Extract each line of the records below that contains the word "function".

(Saved entries)
==*==

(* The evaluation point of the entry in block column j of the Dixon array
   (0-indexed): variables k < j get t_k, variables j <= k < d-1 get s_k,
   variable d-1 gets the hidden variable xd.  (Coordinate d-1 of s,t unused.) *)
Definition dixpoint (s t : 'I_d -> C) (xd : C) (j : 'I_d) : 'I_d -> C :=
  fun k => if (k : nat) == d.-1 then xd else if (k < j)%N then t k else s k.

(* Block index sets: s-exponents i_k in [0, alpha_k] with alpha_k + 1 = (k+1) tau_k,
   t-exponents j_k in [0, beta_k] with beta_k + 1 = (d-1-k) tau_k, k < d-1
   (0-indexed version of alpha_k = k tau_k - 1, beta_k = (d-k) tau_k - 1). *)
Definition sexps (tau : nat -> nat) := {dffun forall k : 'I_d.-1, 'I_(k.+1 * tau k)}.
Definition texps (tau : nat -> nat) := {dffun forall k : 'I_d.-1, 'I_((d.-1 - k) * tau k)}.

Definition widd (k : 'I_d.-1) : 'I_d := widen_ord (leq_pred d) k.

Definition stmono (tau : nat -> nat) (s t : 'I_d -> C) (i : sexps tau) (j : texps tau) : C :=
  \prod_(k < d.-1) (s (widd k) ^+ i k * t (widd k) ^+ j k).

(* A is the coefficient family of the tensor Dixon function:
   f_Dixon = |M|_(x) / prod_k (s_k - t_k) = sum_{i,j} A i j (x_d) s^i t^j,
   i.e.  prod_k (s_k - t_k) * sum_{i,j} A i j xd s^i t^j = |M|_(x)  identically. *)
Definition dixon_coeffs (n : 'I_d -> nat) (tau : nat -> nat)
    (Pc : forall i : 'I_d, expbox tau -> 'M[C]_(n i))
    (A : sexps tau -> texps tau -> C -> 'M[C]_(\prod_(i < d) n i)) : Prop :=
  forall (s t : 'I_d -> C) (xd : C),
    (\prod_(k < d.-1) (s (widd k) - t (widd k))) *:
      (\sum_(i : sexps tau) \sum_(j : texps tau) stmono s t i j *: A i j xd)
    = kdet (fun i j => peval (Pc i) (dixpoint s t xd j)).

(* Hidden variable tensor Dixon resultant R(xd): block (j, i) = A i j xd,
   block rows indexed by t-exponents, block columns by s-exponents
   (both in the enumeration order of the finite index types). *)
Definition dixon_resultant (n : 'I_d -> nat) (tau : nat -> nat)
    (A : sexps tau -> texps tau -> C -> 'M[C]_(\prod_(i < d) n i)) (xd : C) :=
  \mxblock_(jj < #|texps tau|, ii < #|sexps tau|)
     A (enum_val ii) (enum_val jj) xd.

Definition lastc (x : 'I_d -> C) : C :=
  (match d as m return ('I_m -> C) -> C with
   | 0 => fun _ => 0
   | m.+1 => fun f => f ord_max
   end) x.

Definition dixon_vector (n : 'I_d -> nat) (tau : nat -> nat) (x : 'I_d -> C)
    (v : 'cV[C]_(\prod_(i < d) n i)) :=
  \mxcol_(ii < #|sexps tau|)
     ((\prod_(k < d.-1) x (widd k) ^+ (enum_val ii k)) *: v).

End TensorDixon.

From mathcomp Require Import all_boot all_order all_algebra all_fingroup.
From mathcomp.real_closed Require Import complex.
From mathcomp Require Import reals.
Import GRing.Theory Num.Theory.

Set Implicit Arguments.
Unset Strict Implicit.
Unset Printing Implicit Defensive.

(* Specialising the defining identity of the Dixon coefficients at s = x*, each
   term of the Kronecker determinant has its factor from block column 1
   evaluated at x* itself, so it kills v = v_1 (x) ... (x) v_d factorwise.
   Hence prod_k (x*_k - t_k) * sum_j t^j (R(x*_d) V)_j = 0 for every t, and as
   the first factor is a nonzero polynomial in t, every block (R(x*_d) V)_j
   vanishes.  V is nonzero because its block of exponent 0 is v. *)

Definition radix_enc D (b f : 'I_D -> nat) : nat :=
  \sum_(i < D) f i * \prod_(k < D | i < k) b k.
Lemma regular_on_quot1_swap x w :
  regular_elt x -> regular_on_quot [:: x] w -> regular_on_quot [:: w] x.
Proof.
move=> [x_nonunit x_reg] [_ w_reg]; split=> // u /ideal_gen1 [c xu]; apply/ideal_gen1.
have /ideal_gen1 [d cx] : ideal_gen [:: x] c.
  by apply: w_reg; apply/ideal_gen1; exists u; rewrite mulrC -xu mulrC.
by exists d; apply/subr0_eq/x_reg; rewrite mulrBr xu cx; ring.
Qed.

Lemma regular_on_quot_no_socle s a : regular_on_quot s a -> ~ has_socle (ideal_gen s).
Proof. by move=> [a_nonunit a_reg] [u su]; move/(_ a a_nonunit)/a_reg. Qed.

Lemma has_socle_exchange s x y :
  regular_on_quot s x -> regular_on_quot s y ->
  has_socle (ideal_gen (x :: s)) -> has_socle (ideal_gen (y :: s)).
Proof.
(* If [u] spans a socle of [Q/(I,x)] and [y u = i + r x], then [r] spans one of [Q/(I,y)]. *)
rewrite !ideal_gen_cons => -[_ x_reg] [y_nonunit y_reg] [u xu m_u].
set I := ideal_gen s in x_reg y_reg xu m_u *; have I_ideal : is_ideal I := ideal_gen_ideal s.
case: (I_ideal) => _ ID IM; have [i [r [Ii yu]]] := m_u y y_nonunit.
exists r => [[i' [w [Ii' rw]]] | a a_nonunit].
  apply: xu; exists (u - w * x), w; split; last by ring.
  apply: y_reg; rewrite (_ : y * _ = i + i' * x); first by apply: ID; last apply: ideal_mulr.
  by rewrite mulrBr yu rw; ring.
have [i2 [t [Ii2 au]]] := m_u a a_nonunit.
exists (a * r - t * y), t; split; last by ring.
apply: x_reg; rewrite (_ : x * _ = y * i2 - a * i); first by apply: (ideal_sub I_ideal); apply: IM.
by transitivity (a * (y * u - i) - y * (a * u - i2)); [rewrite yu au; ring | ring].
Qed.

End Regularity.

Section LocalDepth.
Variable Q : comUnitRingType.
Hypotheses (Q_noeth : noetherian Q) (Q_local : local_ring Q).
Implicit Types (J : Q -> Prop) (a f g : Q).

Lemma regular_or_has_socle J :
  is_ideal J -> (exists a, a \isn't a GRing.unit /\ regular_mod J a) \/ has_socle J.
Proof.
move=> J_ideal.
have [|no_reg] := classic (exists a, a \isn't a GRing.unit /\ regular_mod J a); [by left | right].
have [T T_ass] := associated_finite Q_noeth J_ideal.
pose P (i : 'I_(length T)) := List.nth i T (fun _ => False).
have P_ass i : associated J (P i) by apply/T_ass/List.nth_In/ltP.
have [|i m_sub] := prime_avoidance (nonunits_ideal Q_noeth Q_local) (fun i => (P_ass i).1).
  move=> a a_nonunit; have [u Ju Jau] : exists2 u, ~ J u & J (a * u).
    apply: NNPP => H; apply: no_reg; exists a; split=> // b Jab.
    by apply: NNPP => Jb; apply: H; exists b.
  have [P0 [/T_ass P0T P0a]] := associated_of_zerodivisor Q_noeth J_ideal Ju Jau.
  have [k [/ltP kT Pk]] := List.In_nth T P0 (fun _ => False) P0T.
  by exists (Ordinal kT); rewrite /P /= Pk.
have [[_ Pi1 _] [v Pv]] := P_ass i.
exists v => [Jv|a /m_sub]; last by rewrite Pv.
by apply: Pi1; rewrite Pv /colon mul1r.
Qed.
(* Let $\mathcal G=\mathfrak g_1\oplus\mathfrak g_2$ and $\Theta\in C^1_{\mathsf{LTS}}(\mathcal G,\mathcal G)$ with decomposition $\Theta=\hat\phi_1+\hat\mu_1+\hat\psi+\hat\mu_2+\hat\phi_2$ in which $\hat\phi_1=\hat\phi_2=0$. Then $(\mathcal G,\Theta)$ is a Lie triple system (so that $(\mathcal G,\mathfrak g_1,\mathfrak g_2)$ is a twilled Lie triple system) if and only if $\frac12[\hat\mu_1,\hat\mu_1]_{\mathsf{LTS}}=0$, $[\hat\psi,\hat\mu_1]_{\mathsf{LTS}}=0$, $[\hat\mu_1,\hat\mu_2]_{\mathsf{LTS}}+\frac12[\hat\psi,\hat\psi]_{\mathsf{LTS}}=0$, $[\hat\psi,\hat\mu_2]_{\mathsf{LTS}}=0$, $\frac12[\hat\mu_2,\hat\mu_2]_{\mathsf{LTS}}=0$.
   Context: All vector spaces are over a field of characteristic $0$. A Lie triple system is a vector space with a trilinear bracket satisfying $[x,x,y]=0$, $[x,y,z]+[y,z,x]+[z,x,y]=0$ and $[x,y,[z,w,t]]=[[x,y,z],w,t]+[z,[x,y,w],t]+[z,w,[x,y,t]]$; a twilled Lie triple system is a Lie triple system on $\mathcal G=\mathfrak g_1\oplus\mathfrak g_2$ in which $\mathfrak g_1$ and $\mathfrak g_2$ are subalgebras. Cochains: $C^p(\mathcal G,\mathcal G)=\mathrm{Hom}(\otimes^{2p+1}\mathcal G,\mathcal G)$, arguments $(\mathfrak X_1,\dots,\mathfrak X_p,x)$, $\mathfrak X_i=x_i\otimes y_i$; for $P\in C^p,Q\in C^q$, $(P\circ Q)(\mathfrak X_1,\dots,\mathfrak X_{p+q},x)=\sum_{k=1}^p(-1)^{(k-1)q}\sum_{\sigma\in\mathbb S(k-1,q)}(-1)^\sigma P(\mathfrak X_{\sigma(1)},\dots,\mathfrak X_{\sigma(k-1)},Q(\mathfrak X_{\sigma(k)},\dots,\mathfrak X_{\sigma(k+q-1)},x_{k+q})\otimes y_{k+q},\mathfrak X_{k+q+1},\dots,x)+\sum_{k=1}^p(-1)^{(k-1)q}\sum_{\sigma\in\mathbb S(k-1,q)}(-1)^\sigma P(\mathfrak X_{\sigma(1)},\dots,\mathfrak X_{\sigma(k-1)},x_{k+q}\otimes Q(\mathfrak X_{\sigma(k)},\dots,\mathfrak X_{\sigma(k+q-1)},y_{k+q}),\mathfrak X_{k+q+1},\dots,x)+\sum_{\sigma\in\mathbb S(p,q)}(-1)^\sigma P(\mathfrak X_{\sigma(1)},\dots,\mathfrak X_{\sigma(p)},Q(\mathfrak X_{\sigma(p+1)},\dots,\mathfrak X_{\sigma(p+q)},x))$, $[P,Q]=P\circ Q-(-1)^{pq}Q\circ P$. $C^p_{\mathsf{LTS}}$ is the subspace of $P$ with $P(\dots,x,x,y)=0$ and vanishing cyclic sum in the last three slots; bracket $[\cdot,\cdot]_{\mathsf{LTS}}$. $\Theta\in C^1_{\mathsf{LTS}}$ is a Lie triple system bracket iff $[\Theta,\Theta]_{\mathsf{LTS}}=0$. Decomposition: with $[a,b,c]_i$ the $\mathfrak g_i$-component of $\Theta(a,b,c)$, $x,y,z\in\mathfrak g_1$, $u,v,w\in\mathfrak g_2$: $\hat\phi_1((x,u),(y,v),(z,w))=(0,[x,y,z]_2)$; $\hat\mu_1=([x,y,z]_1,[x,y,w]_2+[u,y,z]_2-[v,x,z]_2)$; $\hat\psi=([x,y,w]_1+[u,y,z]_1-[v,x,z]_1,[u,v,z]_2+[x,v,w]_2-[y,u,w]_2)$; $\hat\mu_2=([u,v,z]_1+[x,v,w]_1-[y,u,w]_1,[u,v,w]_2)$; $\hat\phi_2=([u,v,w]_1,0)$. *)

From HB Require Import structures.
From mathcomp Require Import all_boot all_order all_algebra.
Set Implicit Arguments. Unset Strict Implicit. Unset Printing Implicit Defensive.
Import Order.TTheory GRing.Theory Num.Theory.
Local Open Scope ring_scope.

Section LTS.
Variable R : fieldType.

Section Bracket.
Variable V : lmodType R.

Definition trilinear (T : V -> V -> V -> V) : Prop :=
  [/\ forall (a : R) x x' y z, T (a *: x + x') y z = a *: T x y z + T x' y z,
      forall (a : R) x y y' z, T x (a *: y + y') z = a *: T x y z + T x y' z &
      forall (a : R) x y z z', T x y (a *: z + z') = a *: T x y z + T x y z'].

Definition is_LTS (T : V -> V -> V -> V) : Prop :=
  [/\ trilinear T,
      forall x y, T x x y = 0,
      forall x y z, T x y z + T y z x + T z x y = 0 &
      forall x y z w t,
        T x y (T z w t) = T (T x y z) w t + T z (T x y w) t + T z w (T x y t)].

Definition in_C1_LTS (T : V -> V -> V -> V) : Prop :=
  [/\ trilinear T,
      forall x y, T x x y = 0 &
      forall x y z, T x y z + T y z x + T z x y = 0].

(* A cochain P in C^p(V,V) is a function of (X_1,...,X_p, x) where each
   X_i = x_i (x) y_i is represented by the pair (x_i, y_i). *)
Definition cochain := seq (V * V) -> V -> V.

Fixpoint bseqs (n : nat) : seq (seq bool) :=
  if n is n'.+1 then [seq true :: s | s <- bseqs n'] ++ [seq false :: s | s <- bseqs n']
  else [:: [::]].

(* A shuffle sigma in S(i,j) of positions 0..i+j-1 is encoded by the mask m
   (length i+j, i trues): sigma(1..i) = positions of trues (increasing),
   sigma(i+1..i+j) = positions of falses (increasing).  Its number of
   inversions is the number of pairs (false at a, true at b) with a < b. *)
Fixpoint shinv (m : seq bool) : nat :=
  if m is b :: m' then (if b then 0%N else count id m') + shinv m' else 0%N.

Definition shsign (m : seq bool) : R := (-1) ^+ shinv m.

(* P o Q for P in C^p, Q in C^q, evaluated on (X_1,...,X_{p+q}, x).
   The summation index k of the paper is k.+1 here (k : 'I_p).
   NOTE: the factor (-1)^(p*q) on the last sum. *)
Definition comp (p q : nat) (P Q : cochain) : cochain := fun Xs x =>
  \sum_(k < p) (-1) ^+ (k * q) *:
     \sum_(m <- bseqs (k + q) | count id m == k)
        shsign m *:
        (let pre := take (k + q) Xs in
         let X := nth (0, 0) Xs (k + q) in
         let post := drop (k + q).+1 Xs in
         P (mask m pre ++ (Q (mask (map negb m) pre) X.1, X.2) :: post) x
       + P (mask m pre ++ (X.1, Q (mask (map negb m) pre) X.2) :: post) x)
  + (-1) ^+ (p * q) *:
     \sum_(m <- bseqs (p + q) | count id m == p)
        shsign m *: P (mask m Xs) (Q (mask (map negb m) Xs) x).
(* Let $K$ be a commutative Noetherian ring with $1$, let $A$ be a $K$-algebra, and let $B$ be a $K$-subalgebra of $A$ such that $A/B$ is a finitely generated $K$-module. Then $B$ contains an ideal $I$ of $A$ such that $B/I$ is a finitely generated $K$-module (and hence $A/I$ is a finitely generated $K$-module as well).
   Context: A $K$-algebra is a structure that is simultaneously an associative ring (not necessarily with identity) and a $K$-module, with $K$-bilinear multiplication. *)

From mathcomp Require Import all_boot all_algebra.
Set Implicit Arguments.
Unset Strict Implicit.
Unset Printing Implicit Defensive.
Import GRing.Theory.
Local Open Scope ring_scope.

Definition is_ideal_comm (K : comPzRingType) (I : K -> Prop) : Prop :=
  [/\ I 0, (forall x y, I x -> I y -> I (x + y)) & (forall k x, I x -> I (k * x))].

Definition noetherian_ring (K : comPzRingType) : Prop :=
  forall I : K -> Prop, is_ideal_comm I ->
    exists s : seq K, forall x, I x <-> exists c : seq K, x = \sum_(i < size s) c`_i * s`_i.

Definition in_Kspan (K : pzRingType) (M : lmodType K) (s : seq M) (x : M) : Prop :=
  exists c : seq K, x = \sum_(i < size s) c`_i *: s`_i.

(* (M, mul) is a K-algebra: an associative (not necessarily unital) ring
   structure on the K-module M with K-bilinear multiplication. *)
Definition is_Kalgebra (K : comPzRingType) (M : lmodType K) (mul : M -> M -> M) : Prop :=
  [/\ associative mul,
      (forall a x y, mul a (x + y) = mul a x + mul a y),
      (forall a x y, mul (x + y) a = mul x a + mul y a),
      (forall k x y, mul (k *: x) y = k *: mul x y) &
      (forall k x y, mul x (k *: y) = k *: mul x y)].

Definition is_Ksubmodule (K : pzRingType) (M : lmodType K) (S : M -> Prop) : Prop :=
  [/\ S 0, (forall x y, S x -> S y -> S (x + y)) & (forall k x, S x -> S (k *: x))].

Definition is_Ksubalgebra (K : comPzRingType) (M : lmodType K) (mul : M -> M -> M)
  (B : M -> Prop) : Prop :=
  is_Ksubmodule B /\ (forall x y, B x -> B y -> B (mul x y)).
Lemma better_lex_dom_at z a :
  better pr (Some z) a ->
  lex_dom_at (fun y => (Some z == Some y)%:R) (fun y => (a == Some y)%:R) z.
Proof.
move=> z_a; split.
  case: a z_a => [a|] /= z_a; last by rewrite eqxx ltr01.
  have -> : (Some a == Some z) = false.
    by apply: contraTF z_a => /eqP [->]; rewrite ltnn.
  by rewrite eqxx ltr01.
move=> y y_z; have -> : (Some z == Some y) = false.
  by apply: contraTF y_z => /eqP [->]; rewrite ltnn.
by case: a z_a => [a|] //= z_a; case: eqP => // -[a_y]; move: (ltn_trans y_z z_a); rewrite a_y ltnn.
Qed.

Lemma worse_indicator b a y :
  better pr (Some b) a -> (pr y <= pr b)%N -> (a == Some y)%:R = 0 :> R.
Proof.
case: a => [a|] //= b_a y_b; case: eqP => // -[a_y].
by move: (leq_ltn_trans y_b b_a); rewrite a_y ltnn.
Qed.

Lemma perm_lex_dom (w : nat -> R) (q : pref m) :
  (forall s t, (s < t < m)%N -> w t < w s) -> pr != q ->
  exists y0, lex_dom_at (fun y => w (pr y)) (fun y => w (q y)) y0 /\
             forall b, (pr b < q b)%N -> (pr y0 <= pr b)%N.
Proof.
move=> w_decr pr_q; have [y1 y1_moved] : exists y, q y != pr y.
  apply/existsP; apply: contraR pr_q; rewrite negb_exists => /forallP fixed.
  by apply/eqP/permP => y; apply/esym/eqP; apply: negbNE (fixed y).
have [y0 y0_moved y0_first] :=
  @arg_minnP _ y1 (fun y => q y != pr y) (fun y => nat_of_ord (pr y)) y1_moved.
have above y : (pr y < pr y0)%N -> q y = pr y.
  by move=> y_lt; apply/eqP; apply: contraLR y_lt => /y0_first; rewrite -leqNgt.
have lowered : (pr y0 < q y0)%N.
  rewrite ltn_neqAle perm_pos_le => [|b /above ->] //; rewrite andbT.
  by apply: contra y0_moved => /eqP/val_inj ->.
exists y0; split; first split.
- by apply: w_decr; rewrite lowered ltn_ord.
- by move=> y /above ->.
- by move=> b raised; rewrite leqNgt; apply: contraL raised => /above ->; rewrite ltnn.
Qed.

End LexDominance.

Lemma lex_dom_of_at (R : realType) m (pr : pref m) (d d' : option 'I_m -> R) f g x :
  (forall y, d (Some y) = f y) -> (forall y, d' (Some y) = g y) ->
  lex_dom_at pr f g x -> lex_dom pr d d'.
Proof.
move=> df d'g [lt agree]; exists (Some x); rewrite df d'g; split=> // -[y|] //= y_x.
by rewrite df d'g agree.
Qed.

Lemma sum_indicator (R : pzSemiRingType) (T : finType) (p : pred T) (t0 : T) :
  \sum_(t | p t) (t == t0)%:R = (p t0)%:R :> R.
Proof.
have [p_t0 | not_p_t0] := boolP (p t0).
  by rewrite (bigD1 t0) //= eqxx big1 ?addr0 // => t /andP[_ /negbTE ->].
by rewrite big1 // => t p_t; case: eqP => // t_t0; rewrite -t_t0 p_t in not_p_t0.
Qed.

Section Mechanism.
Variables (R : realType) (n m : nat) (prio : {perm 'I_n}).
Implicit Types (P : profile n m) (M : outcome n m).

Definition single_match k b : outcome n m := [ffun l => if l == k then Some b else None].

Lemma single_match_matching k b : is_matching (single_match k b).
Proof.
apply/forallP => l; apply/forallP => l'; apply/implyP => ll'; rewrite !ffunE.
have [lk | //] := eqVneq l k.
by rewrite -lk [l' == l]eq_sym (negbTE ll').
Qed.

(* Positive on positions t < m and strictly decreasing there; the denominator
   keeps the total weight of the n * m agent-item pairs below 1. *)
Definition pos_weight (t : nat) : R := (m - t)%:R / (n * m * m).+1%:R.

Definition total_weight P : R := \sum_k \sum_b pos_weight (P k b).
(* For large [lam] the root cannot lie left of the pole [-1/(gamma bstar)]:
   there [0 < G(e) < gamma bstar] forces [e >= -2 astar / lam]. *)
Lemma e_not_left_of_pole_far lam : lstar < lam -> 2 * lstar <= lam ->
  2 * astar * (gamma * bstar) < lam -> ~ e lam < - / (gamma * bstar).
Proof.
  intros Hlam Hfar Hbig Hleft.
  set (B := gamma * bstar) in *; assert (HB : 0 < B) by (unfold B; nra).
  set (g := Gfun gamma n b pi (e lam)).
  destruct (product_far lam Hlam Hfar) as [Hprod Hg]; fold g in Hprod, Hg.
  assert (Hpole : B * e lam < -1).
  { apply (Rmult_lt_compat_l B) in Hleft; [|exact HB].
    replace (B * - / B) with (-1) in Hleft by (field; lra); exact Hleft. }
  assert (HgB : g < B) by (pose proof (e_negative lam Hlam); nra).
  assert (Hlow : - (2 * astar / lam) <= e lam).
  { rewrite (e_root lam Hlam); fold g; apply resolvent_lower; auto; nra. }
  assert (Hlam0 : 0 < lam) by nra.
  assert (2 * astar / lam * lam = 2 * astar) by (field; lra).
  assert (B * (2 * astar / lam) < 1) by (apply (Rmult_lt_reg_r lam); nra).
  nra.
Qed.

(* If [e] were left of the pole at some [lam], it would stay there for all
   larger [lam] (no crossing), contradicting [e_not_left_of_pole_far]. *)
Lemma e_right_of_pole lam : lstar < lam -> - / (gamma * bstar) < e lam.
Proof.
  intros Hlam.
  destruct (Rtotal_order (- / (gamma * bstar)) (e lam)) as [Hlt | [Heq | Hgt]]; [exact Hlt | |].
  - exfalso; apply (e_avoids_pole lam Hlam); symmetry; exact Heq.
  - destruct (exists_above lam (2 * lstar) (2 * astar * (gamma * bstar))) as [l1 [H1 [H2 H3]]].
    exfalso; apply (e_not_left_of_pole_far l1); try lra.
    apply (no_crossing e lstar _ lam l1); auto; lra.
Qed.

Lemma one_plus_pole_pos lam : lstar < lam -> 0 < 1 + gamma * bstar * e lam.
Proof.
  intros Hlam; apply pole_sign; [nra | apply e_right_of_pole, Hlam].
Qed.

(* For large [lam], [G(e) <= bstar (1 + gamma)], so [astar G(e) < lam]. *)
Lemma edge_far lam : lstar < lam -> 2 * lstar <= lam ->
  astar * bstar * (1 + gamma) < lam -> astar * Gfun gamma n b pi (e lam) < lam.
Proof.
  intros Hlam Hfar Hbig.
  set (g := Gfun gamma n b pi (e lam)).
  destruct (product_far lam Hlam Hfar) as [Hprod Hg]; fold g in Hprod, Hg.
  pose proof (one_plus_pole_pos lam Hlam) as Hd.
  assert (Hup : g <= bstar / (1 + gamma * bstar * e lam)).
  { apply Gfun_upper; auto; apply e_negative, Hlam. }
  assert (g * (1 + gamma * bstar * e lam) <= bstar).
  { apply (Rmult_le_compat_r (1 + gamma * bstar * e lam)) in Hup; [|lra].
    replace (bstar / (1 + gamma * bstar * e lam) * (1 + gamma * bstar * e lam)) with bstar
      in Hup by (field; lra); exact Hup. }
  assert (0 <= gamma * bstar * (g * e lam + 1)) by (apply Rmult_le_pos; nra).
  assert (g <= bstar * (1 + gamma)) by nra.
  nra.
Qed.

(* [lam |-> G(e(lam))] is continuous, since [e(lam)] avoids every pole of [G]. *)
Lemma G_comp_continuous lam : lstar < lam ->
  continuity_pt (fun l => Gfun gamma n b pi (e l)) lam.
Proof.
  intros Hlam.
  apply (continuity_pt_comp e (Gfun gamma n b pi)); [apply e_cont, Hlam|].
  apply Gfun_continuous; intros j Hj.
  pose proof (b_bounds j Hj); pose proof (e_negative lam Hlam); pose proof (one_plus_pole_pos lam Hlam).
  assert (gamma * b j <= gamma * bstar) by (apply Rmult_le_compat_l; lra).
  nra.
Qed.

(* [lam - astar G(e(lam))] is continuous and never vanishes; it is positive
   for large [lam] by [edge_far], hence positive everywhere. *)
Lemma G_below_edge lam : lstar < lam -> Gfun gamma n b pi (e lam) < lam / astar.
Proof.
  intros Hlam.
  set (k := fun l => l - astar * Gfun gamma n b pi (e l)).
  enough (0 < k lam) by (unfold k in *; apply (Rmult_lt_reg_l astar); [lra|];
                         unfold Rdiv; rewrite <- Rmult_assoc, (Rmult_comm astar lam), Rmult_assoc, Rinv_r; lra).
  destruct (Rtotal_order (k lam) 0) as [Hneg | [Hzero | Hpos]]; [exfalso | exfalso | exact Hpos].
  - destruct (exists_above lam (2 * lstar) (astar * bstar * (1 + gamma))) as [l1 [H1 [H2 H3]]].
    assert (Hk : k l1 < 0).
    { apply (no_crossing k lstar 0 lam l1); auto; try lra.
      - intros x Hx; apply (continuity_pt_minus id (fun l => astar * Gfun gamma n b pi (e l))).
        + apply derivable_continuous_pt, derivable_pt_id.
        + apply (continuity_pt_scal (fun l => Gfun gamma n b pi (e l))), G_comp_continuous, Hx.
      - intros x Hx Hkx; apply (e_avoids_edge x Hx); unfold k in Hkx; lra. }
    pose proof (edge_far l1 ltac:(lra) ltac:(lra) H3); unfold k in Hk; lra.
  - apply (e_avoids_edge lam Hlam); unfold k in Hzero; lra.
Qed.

==*==

[The completed task]
(* A is the coefficient family of the tensor Dixon function:
(* A cochain P in C^p(V,V) is a function of (X_1,...,X_p, x) where each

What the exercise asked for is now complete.